What seems odd to me is that packed structures accesses are inherently
less efficient than non-packed structures.
In my example, the 3 lbz instructions instead of one lwz require 3
memory accesses instead of 1, that is a penalty of 2 extra memory access
over the slow bus, and in addition to that there is extra penalty when
the bit field overlaps byte boundary (as in my example), where GCC must
generate extra code to "or" those bytes, which, BTW, in my opinion
contradicts what you wrote earlier:
David Edelsohn wrote:
" The lbz has to do with the size and the packed alignment. With the
packed structure, GCC chooses the smallest memory access that covers the
bitfield. Once GCC has chosen bytes, it cannot merge the loads together.
If the structure were not declared packed, GCC would use wider loads
with masking, and then determine that the loads refer to the same object."

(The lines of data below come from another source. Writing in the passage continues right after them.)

(* Let $\ell$ be a prime and let $r$ be an integer with $1\leq r\leq \ell-1$ such that $p(\ell n+r)\equiv 0\pmod{\ell}$ for all $n\geq 0$. Then for all $n\geq 0$, $d_\ell(\ell n+r)\equiv 0 \pmod{\ell}$.
   Context: $p(n)$ denotes the number of unrestricted partitions of $n$. For each integer $k\geq 1$, the numbers $d_k(n)$ are defined by $\sum_{n\geq 0} d_k(n)q^n = \frac{f_2^k}{f_1^{3k+1}}$, where $f_r = \prod_{i\geq 1}(1-q^{ri})$. *)

From mathcomp Require Import all_boot all_order all_algebra.
Set Implicit Arguments. Unset Strict Implicit. Unset Printing Implicit Defensive.
Import Order.TTheory GRing.Theory Num.Theory.

(* A partition of n has at
   most n parts, each at most n; we represent it as a nonincreasing n-tuple
   of entries in {0..n} (padded with zeros) whose sum is n. *)
Definition npart (n : nat) : nat :=
  #|[set t : n.-tuple 'I_n.+1 |
       sorted (fun a b : 'I_n.+1 => b <= a) t && (\sum_(x <- t) (x : nat) == n)]|.

Local Open Scope ring_scope.

(* d_k(n): coefficient of q^n in f_2^k / f_1^(3k+1), where
   f_r = prod_{i>=1} (1 - q^(r i)).  Modulo q^(n+1) only the factors with
   i <= n matter, and 1/(1-q^i) = sum_j q^(i j) may be truncated at j <= n;
   hence the coefficient is computed exactly by the following polynomial. *)
Definition dk (k n : nat) : int :=
  (\prod_(1 <= i < n.+1)
     ((1 - 'X^(2 * i)) ^+ k * (\sum_(j < n.+1) 'X^(i * j)) ^+ (3 * k + 1))
     : {poly int})`_n.

(* Modulo l, f_2^l / f_1^(3l+1) = (f_2 / f_1^3)^l * (1 / f_1), and over F_l an
   l-th power is a series in q^l (Frobenius).  So the coefficient of q^(ln+r)
   is a sum of terms c_(lm) * p(l(n-m)+r), all divisible by l.  The truncated
   products defining d_l are matched with p through the bijection between
   partitions of j and their multiplicity functions 'I_N -> 'I_N.+1, which
   shows that the coefficient of q^j in prod_(i<=N) sum_(k<=N) q^(ik) is p(j). *)

From mathcomp Require Import all_boot all_order all_algebra.
From mathcomp Require Import zify.
Set Implicit Arguments. Unset Strict Implicit. Unset Printing Implicit Defensive.
Import GRing.Theory.

Local Open Scope ring_scope.

Section CountMultiplicities.
Local Open Scope nat_scope.
Variables (N : nat) (F : nat -> nat).

Lemma sum_mul_eq_succ x : x <= N ->
  \sum_(i < N) F i.+1 * (x == i.+1) = if x != 0 then F x else 0.
Proof.
case: x => [|x] x_le_N; first by rewrite big1 // => i _; rewrite muln0.
rewrite (bigD1 (Ordinal x_le_N)) //= eqxx muln1 big1 ?addn0 // => i i_neq_x.
by rewrite eqSS eq_sym (negbTE (i_neq_x : (i : nat) != x)) muln0.
Qed.

Lemma sum_mul_count_mem (s : seq nat) : all (fun x => x <= N) s ->
  \sum_(i < N) F i.+1 * count_mem i.+1 s = \sum_(x <- s | x != 0) F x.
Proof.
elim: s => [|x s IHs] /=.
  by rewrite big_nil big1 // => i _; rewrite muln0.
case/andP=> x_le_N s_le_N; rewrite big_cons -IHs //.
have -> : \sum_(i < N) F i.+1 * count_mem i.+1 (x :: s) =
    \sum_(i < N) F i.+1 * (x == i.+1) + \sum_(i < N) F i.+1 * count_mem i.+1 s.
  by rewrite -big_split; apply: eq_bigr => i _; rewrite /= mulnDr.
by rewrite sum_mul_eq_succ //; case: (x != 0).
Qed.

End CountMultiplicities.

Section PartitionMultiplicities.
Local Open Scope nat_scope.
Variables N j : nat.
Hypothesis j_le_N : j <= N.

Definition partition_tuples : {set j.-tuple 'I_j.+1} :=
  [set t : j.-tuple 'I_j.+1 |
    sorted (fun a b : 'I_j.+1 => b <= a) t && (\sum_(x <- t) (x : nat) == j)].

Definition mult_weight (f : {ffun 'I_N -> 'I_N.+1}) : nat :=
  \sum_(i < N) i.+1 * f i.

Definition multiplicities (t : j.-tuple 'I_j.+1) : {ffun 'I_N -> 'I_N.+1} :=
  [ffun i : 'I_N => inord (count_mem i.+1 (map (@nat_of_ord _) t))].

Lemma tuple_parts_le (t : j.-tuple 'I_j.+1) :
  all (fun x => x <= N) (map (@nat_of_ord _) t).
Proof.
by apply/allP => _ /mapP [x _ ->]; apply: leq_trans j_le_N; rewrite -ltnS.
Qed.

Lemma multiplicitiesE t (i : 'I_N) :
  multiplicities t i = count_mem i.+1 (map (@nat_of_ord _) t) :> nat.
Proof.
rewrite ffunE inordK // ltnS (leq_trans (count_size _ _)) //.
by rewrite size_map size_tuple.
Qed.

Lemma mult_weight_multiplicities t :
  mult_weight (multiplicities t) = \sum_(x <- t) (x : nat).
Proof.
rewrite /mult_weight; under [LHS]eq_bigr => i _ do rewrite multiplicitiesE.
rewrite (sum_mul_count_mem id) ?tuple_parts_le // big_map big_mkcond.
by apply: eq_bigr => x _; case: (nat_of_ord x).
Qed.

Lemma count_nonzero_parts (t : j.-tuple 'I_j.+1) :
  count (predC (pred1 0)) (map (@nat_of_ord _) t)
  = \sum_(i < N) multiplicities t i.
Proof.
under eq_bigr => i _ do rewrite multiplicitiesE -[count_mem _ _]mul1n.
by rewrite (sum_mul_count_mem (fun=> 1)) ?tuple_parts_le // sum1_count.
Qed.

Lemma multiplicities_inj : {in partition_tuples &, injective multiplicities}.
Proof.
move=> t1 t2; rewrite !inE => /andP[t1_sorted _] /andP[t2_sorted _] eq_mult.
have count_eq x : count_mem x (map (@nat_of_ord _) t1)
                = count_mem x (map (@nat_of_ord _) t2).
  case: x => [|x].
    have := count_predC (pred1 0) (map (@nat_of_ord _) t1).
    have := count_predC (pred1 0) (map (@nat_of_ord _) t2).
    by rewrite !count_nonzero_parts eq_mult !size_map !size_tuple; lia.
  have [x_lt_N | N_le_x] := ltnP x N.
    by rewrite -!(multiplicitiesE _ (Ordinal x_lt_N)) eq_mult.
  have count0 (t : j.-tuple 'I_j.+1) :
      count_mem x.+1 (map (@nat_of_ord _) t) = 0.
    apply/count_memPn/negP => /(allP (tuple_parts_le t)) /=.
    by rewrite ltnNge N_le_x.
  by rewrite !count0.
have : map (@nat_of_ord _) t1 = map (@nat_of_ord _) t2.
  apply: (@sorted_eq _ (fun a b : nat => b <= a)); rewrite ?sorted_map //.
  - by move=> a b c b_le_a c_le_b; apply: leq_trans c_le_b b_le_a.
  - move=> a b /andP[b_le_a a_le_b].
    by apply/eqP; rewrite eqn_leq a_le_b b_le_a.
  - by apply/allP => x _; apply/eqP; exact: count_eq.
by move/(inj_map (@ord_inj _))/val_inj.
Qed.

Definition parts_of_mult (f : {ffun 'I_N -> 'I_N.+1}) : seq nat :=
  flatten [seq nseq (f i) i.+1 | i <- enum 'I_N].

Lemma count_parts_of_mult (a : pred nat) f :
  count a (parts_of_mult f) = \sum_(i < N) a i.+1 * f i.
Proof.
rewrite count_flatten -map_comp sumnE big_map enumT.
by apply: eq_bigr => i _ /=; rewrite count_nseq.
Qed.

Lemma sumn_parts_of_mult f : sumn (parts_of_mult f) = mult_weight f.
Proof.
rewrite sumn_flatten -map_comp sumnE big_map enumT.
by apply: eq_bigr => i _ /=; rewrite sumn_nseq mulnC.
Qed.

Lemma multiplicities_surj f : mult_weight f = j ->
  exists2 t, t \in partition_tuples & multiplicities t = f.
Proof.
move=> weight_f; set s := parts_of_mult f.
have size_s : size s <= j.
  rewrite -count_predT count_parts_of_mult -weight_f.
  by apply: leq_sum => i _; rewrite mul1n leq_pmull.
have s_le_j : all (fun x => x <= j) s.
  apply/allP => x x_in_s; rewrite -weight_f -sumn_parts_of_mult.
  by rewrite (perm_sumn (perm_to_rem x_in_s)) leq_addr.
set u := s ++ nseq (j - size s) 0.
have u_le_j : all (fun x => x <= j) u.
  by rewrite all_cat s_le_j all_nseq orbT.
have inordK_u : map (@nat_of_ord _) (map (inord : nat -> 'I_j.+1) u) = u.
  by rewrite -map_comp map_id_in // => x /(allP u_le_j) x_le_j; exact: inordK.
set ts := sort (fun a b : 'I_j.+1 => b <= a) (map inord u).
have size_ts : size ts == j.
  by rewrite size_sort size_map size_cat size_nseq subnKC.
have ts_perm : perm_eq (map (@nat_of_ord _) ts) u.
  by rewrite -[X in perm_eq _ X]inordK_u perm_map // perm_sort.
exists (Tuple size_ts).
  rewrite inE /= sort_sorted => [|a b]; last by rewrite orbC leq_total.
  rewrite -(big_map _ xpredT (fun x => x)) -sumnE (perm_sumn ts_perm).
  by rewrite sumn_cat sumn_nseq addn0 sumn_parts_of_mult weight_f eqxx.
apply/ffunP => i; apply: val_inj; rewrite /= multiplicitiesE (permP ts_perm).
rewrite count_cat count_parts_of_mult count_nseq /= mul0n addn0.
rewrite (bigD1 i) //= eqxx mul1n big1 ?addn0 // => k k_neq_i.
by rewrite eqSS (negbTE (k_neq_i : (k : nat) != i)).
Qed.

Lemma card_mult_weight :
  #|[set f : {ffun 'I_N -> 'I_N.+1} | mult_weight f == j]| = npart j.
Proof.
rewrite [npart j]/(npart j) -/partition_tuples.
rewrite -(card_in_imset multiplicities_inj); apply: eq_card => f.
rewrite inE; apply/eqP/imsetP => [/multiplicities_surj [t t_part <-] | [t]].
  by exists t.
by rewrite inE => /andP[_ /eqP <-] ->; exact: mult_weight_multiplicities.
Qed.

End PartitionMultiplicities.

Lemma coef_partition_gf (R : nzSemiRingType) N j : (j <= N)%N ->
  (\prod_(1 <= i < N.+1) \sum_(k < N.+1) 'X^(i * k) : {poly R})`_j = (npart j)%:R.
Proof.
move=> j_le_N; rewrite big_add1 /= big_mkord bigA_distr_bigA coef_sum.
(* the monomial selected by f : 'I_N -> 'I_N.+1 is 'X^(mult_weight f) *)
under eq_bigr do rewrite prodrXr coefXn.
rewrite -(card_mult_weight j_le_N) -sum1_card natr_sum [RHS]big_mkcond.
by apply: eq_bigr => f _; rewrite inE eq_sym; case: (_ == _).
Qed.

Lemma coef_exp_pchar_eq0 (R : comNzRingType) p (q : {poly R}) k :
  p \in [pchar R] -> ~~ (p %| k)%N -> (q ^+ p)`_k = 0.
Proof.
move=> pchar_p p_ndvd_k.
have pchar_poly_p : p \in [pchar {poly R}] by rewrite pchar_poly.
rewrite -(pFrobenius_autE pchar_poly_p) -(coefK q) poly_def rmorph_sum.
rewrite coef_sum big1 // => i _.
rewrite -mul_polyC rmorphM /= !pFrobenius_autE -polyC_exp -exprM coefCM coefXn.
case: eqP => [k_eq | _]; last by rewrite mulr0.
by rewrite k_eq dvdn_mull in p_ndvd_k.
Qed.

Lemma coef_exp_pchar_mul_eq0 (R : comNzRingType) p (q s : {poly R}) n :
  p \in [pchar R] -> (forall k, (k <= n)%N -> k = n %[mod p] -> s`_k = 0) ->
  (q ^+ p * s)`_n = 0.
Proof.
move=> pchar_p s_eq0; rewrite coefM big1 // => -[k k_lt_n] _ /=.
have [/dvdnP[m k_eq] | p_ndvd_k] := boolP (p %| k)%N; last first.
  by rewrite coef_exp_pchar_eq0 ?mul0r.
rewrite s_eq0 ?mulr0 ?leq_subr // -[in RHS](subnK (k_lt_n : (k <= n)%N)).
by rewrite addnC k_eq modnMDl.
Qed.

Theorem theorem3p2 (l r : nat) :
  prime l -> (1 <= r <= l - 1)%N ->
  (forall n : nat, (l %| npart (l * n + r))%N) ->
  forall n : nat, (l%:Z %| dk l (l * n + r))%Z.
Proof.
move=> l_prime /andP[_ r_le] l_dvd_npart n.
have r_lt_l : (r < l)%N by have := prime_gt0 l_prime; lia.
have pchar_l := pchar_Fp l_prime.
set N := (l * n + r)%N.
set S := fun i : nat => \sum_(k < N.+1) 'X^(i * k) : {poly int}.
have dk_factor :
    \prod_(1 <= i < N.+1) ((1 - 'X^(2 * i)) ^+ l * S i ^+ (3 * l + 1))
  = (\prod_(1 <= i < N.+1) ((1 - 'X^(2 * i)) * S i ^+ 3)) ^+ l
    * \prod_(1 <= i < N.+1) S i.
  rewrite -prodrXl -big_split; apply: eq_bigr => i _.
  by rewrite exprMn -exprM mulnC addn1 exprSr mulrA.
rewrite (dvdz_pcharf pchar_l) /dk dk_factor -coef_map rmorphM rmorphXn /=.
apply/eqP/coef_exp_pchar_mul_eq0 => // k k_le_N k_eq_N.
rewrite coef_map coef_partition_gf //= rmorph_nat.
apply/eqP; rewrite -(dvdn_pcharf pchar_l).
have -> : k = (l * (k %/ l) + r)%N.
  rewrite {1}(divn_eq k l) k_eq_N /N [(l * n)%N]mulnC modnMDl.
  by rewrite modn_small // mulnC.
exact: l_dvd_npart.
Qed.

In my case it shouldn't have chosen byte because it doesn't cover the bitfield that spans over byte boundary. I don't know whether what GCC does is "Right", and I guess if it was implemented in 4.1 somebody decided that it was "Right", but, if the code generated is 3 times the instruction count, and 3 times the memory accesses, for no apparent reason, then I can't see any reason why anyone would want this behavior. I mean the code produced in 4.0.1 for the same structure accessed not through a pointer is just fine, why break it like that? Something just doesn't seem right, I'm sorry.
I think I can summarize it by saying that if it's less efficient then
there is no justification for it.
Yaro
David Edelsohn wrote:
John Yates writes:
John> Do I read this correctly? Are you truly saying that two structs
John> with identical layout will trigger different code sequences just
John> because one was declared packed?
Yes. Why is that strange? attribute packed assigns the smallest
possible alignment so that the compiler composes the layout of the
structure or bitfield in the more compact form possible. Even if the
layout produced is the same, the smaller alignment is carried around with
the fields and causes the compiler to use more conservative access
operations.
David